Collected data
(* Let $\Omega$ be a bounded measurable set in $\mathbb{R}^d$, let $\mu$ be a positive, locally finite Borel measure on $\mathbb{R}^d$, and let $\Sigma\subset\mathbb{R}^d$ be measurable. Suppose $\mathbf{1}_\Omega\ast\mu=0$ a.e. on $\Sigma^c=\mathbb{R}^d\setminus\Sigma$. Then $m((\Omega+t)\cap\Sigma^c)=0$ for every $t\in\operatorname{supp}(\mu)$.
   Context: $m$ is Lebesgue measure, $\operatorname{supp}(\mu)$ the closed support of $\mu$. *)

From HB Require Import structures.
From mathcomp Require Import all_boot all_order all_algebra.
From mathcomp Require Import all_classical all_reals all_analysis.
Set Implicit Arguments. Unset Strict Implicit. Unset Printing Implicit Defensive.
Import Order.TTheory GRing.Theory Num.Theory.
Import numFieldNormedType.Exports.
Local Open Scope classical_set_scope.
Local Open Scope ring_scope.

Definition Rd (R : realType) (d : nat) := g_sigma_algebraType (@open 'rV[R]_d).

Definition box (R : realType) (d : nat) (a b : 'rV[R]_d) : set 'rV[R]_d :=
  [set x | forall i, a 0 i <= x 0 i <= b 0 i].
Definition box_vol (R : realType) (d : nat) (a b : 'rV[R]_d) : R :=
  \prod_(i < d) (b 0 i - a 0 i).

(* Lebesgue-null sets: m(A) = 0 for the Lebesgue (outer) measure m on R^d,
   i.e. A can be covered by countably many boxes of arbitrarily small total
   volume. *)
Definition lebesgue_null (R : realType) (d : nat) (A : set 'rV[R]_d) : Prop :=
  forall eps : R, 0 < eps ->
    exists a b : nat -> 'rV[R]_d,
      [/\ forall n i, a n 0 i <= b n 0 i,
          A `<=` \bigcup_n box (a n) (b n) &
          (\sum_(0 <= n <oo) (box_vol (a n) (b n))%:E < eps%:E)%E].

Definition locally_finite (R : realType) (d : nat)
    (mu : {measure set (Rd R d) -> \bar R}) : Prop :=
  forall x : 'rV[R]_d, exists U : set 'rV[R]_d,
    [/\ open U, U x & (mu U < +oo)%E].

Definition msupport (R : realType) (d : nat)
    (mu : {measure set (Rd R d) -> \bar R}) : set 'rV[R]_d :=
  [set t | forall U : set 'rV[R]_d, open U -> U t -> (0 < mu U)%E].

Definition conv_ind (R : realType) (d : nat)
    (mu : {measure set (Rd R d) -> \bar R}) (Om : set 'rV[R]_d)
    (x : 'rV[R]_d) : \bar R :=
  (\int[mu]_(y in [set: Rd R d]) (\1_Om (x - (y : 'rV[R]_d)) : R)%:E)%E.

Definition translate (R : realType) (d : nat) (Om : set 'rV[R]_d) (t : 'rV[R]_d)
  : set 'rV[R]_d := [set x + t | x in Om].

(* Let B be the set of points of the complement of Sigma where 1_Omega * mu
   vanishes, and psi(y) = m(B ∩ (Omega + y)).  Tonelli's theorem for the
   indicator of {(x, y) | x ∈ B, x - y ∈ Omega} gives
   ∫ psi dmu = ∫_B (1_Omega * mu) dm = 0, so psi = 0 mu-almost everywhere.
   Since m(Omega \ (Omega + h)) -> 0 as h -> 0 (approximate Omega by finitely
   many boxes), psi(t) <= psi(y) + m(Omega \ (Omega + (y - t))) is small for
   y near t; a neighbourhood of a point of supp(mu) has positive mu-measure,
   so it contains some y with psi(y) = 0, whence psi(t) = 0.  Finally
   (Omega + t) \ Sigma is covered by the null set where 1_Omega * mu does not
   vanish and by B ∩ (Omega + t).
   Lebesgue measure on R^d is obtained from countable box covers by
   Caratheodory's construction: half-spaces, hence all Borel sets, are
   measurable. *)

From HB Require Import structures.
From mathcomp Require Import all_boot all_order all_algebra.
From mathcomp Require Import all_classical all_reals all_analysis.
From mathcomp Require Import measurable_realfun lra ring.
Import Order.TTheory GRing.Theory Num.Theory.
Import numFieldNormedType.Exports.
Set Implicit Arguments. Unset Strict Implicit. Unset Printing Implicit Defensive.
Local Open Scope classical_set_scope.
Local Open Scope ring_scope.

Lemma open_measurable_rV (R : realType) n (A : set 'rV[R]_n) :
  open A -> measurable (A : set (Rd R n)).
Proof. by move=> oA; apply: sub_sigma_algebra. Qed.

Section box_outer_measure.
Variables (R : realType) (d : nat).
Local Notation V := 'rV[R]_d.+1.
Local Notation T := (Rd R d.+1).

Definition coord_le (a b : V) := forall i, a 0 i <= b 0 i.

Lemma box_vol_ge0 (a b : V) : coord_le a b -> 0 <= box_vol a b.
Proof. by move=> ab; apply: prodr_ge0 => i _; rewrite subr_ge0. Qed.

Lemma box_vol_diag (a : V) : box_vol a a = 0.
Proof. by rewrite /box_vol big_ord_recl subrr mul0r. Qed.

Lemma box_closed (a b : V) : closed (box a b).
Proof.
have -> : box a b = \bigcap_i ((fun x : V => x 0 i) @^-1` `[a 0 i, b 0 i]).
  apply/seteqP; split => x h i; first by move=> _; rewrite /= in_itv; exact: h.
  by have := h i I; rewrite /= in_itv.
apply: closed_bigI => i _; apply: preimage_closed; last exact: itv_closed.
by move=> x _; exact: coord_continuous.
Qed.

Lemma box_measurable (a b : V) : measurable (box a b : set T).
Proof.
rewrite -[box a b]setCK; apply: measurableC; apply: open_measurable_rV.
by rewrite openC; exact: box_closed.
Qed.

Lemma translateK (A : set V) (h : V) : translate (translate A h) (- h) = A.
Proof.
apply/seteqP; split=> [_ [_ [x Ax <-] <-]|x Ax]; first by rewrite addrK.
by exists (x + h); [exists x | rewrite addrK].
Qed.

Definition box_cover (A : set V) (F : nat -> V * V) :=
  (forall n, coord_le (F n).1 (F n).2) /\ A `<=` \bigcup_n box (F n).1 (F n).2.

Local Open Scope ereal_scope.

Definition cover_vol (F : nat -> V * V) : \bar R :=
  \sum_(n <oo) (box_vol (F n).1 (F n).2)%:E.

Definition hull_vol (A : set T) : \bar R :=
  ereal_inf [set (box_vol p.1 p.2)%:E |
             p in [set p : V * V | coord_le p.1 p.2 /\ A `<=` box p.1 p.2]].

Lemma hull_vol_ge0 (A : set T) : 0 <= hull_vol A.
Proof. by apply: le_ereal_inf_tmp => _ [p [p12 _] <-]; rewrite lee_fin box_vol_ge0. Qed.

Lemma hull_vol_box (a b : V) : coord_le a b -> hull_vol (box a b) <= (box_vol a b)%:E.
Proof. by move=> ab; apply: ereal_inf_lbound; exists (a, b) => //; split. Qed.

Lemma hull_vol0 : hull_vol set0 = 0.
Proof.
apply/eqP; rewrite eq_le hull_vol_ge0 andbT; apply: ereal_inf_lbound.
by exists (0%R, 0%R); [split => // i; exact: lexx | rewrite box_vol_diag].
Qed.

(* The outer-measure axioms come from [mu_ext]; by [lebesgue_outer_le_cover]
   and [lebesgue_outer_ge_covers] this is the infimum of the volumes of
   countable box covers. *)
Definition lebesgue_outer : set T -> \bar R := mu_ext hull_vol.
Local Notation lam := lebesgue_outer.

HB.instance Definition _ := isOuterMeasure.Build R T lam
  (mu_ext0 hull_vol0 hull_vol_ge0) (mu_ext_ge0 hull_vol_ge0) (le_mu_ext hull_vol)
  (mu_ext_sigma_subadditive hull_vol_ge0).

Lemma lebesgue_outer_le_cover (A : set V) F : box_cover A F -> lam A <= cover_vol F.
Proof.
move=> [F12 AF]; apply: le_trans (ereal_inf_lbound _) _.
  by exists (fun n => box (F n).1 (F n).2) => //; split=> // n; exact: box_measurable.
by apply: lee_nneseries => [n _ _|n _]; [exact: hull_vol_ge0 | exact: hull_vol_box].
Qed.

(* Enlarge the k-th set of a measurable cover to a box, at a cost of e / 2^(k+1). *)
Lemma lebesgue_outer_ge_covers (A : set V) y :
  (forall F, box_cover A F -> y <= cover_vol F) -> y <= lam A.
Proof.
move=> yF; apply: le_ereal_inf_tmp => _ [G [mG AG] <-].
have [->|Gfin] := eqVneq (\sum_(k <oo) hull_vol (G k)) +oo; first by rewrite leey.
apply/lee_addgt0Pr => e e0.
have Gkfin k : hull_vol (G k) \is a fin_num.
  rewrite ge0_fin_numE ?hull_vol_ge0 // ltey; apply/eqP => Gk.
  move: Gfin; rewrite (eseries_pinfty _ _ Gk) ?eqxx //.
  by move=> n _; rewrite gt_eqF // (lt_le_trans _ (hull_vol_ge0 _)) ?ltNy0.
have /choice[p hp] k : exists p : V * V, (coord_le p.1 p.2 /\ G k `<=` box p.1 p.2)
    /\ (box_vol p.1 p.2)%:E < hull_vol (G k) + (e / (2 ^ k.+1)%:R)%:E.
  have : hull_vol (G k) < hull_vol (G k) + (e / (2 ^ k.+1)%:R)%:E.
    by rewrite lteDl // lte_fin divr_gt0 // exprn_gt0.
  by move=> /ereal_inf_lt[_ [p Gp <-] ?]; exists p.
have Ap : box_cover A p.
  by split=> [n|x /AG[k _ /(hp k).1.2 ?]]; [exact: (hp n).1.1 | exists k].
apply: le_trans (yF p Ap) _.
apply: le_trans (epsilon_trick _ (fun n => hull_vol_ge0 (G n)) (ltW e0)).
apply: lee_nneseries => [n _ _|n _]; last exact: ltW (hp n).2.
by rewrite lee_fin box_vol_ge0 //; exact: (hp n).1.1.
Qed.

Task statement.
Report every line of the records that contains the word "have".

Reply.
have -> : box a b = \bigcap_i ((fun x : V => x 0 i) @^-1` `[a 0 i, b 0 i]).
  by have := h i I; rewrite /= in_itv.
have [->|Gfin] := eqVneq (\sum_(k <oo) hull_vol (G k)) +oo; first by rewrite leey.
have Gkfin k : hull_vol (G k) \is a fin_num.
have /choice[p hp] k : exists p : V * V, (coord_le p.1 p.2 /\ G k `<=` box p.1 p.2)
  have : hull_vol (G k) < hull_vol (G k) + (e / (2 ^ k.+1)%:R)%:E.
have Ap : box_cover A p.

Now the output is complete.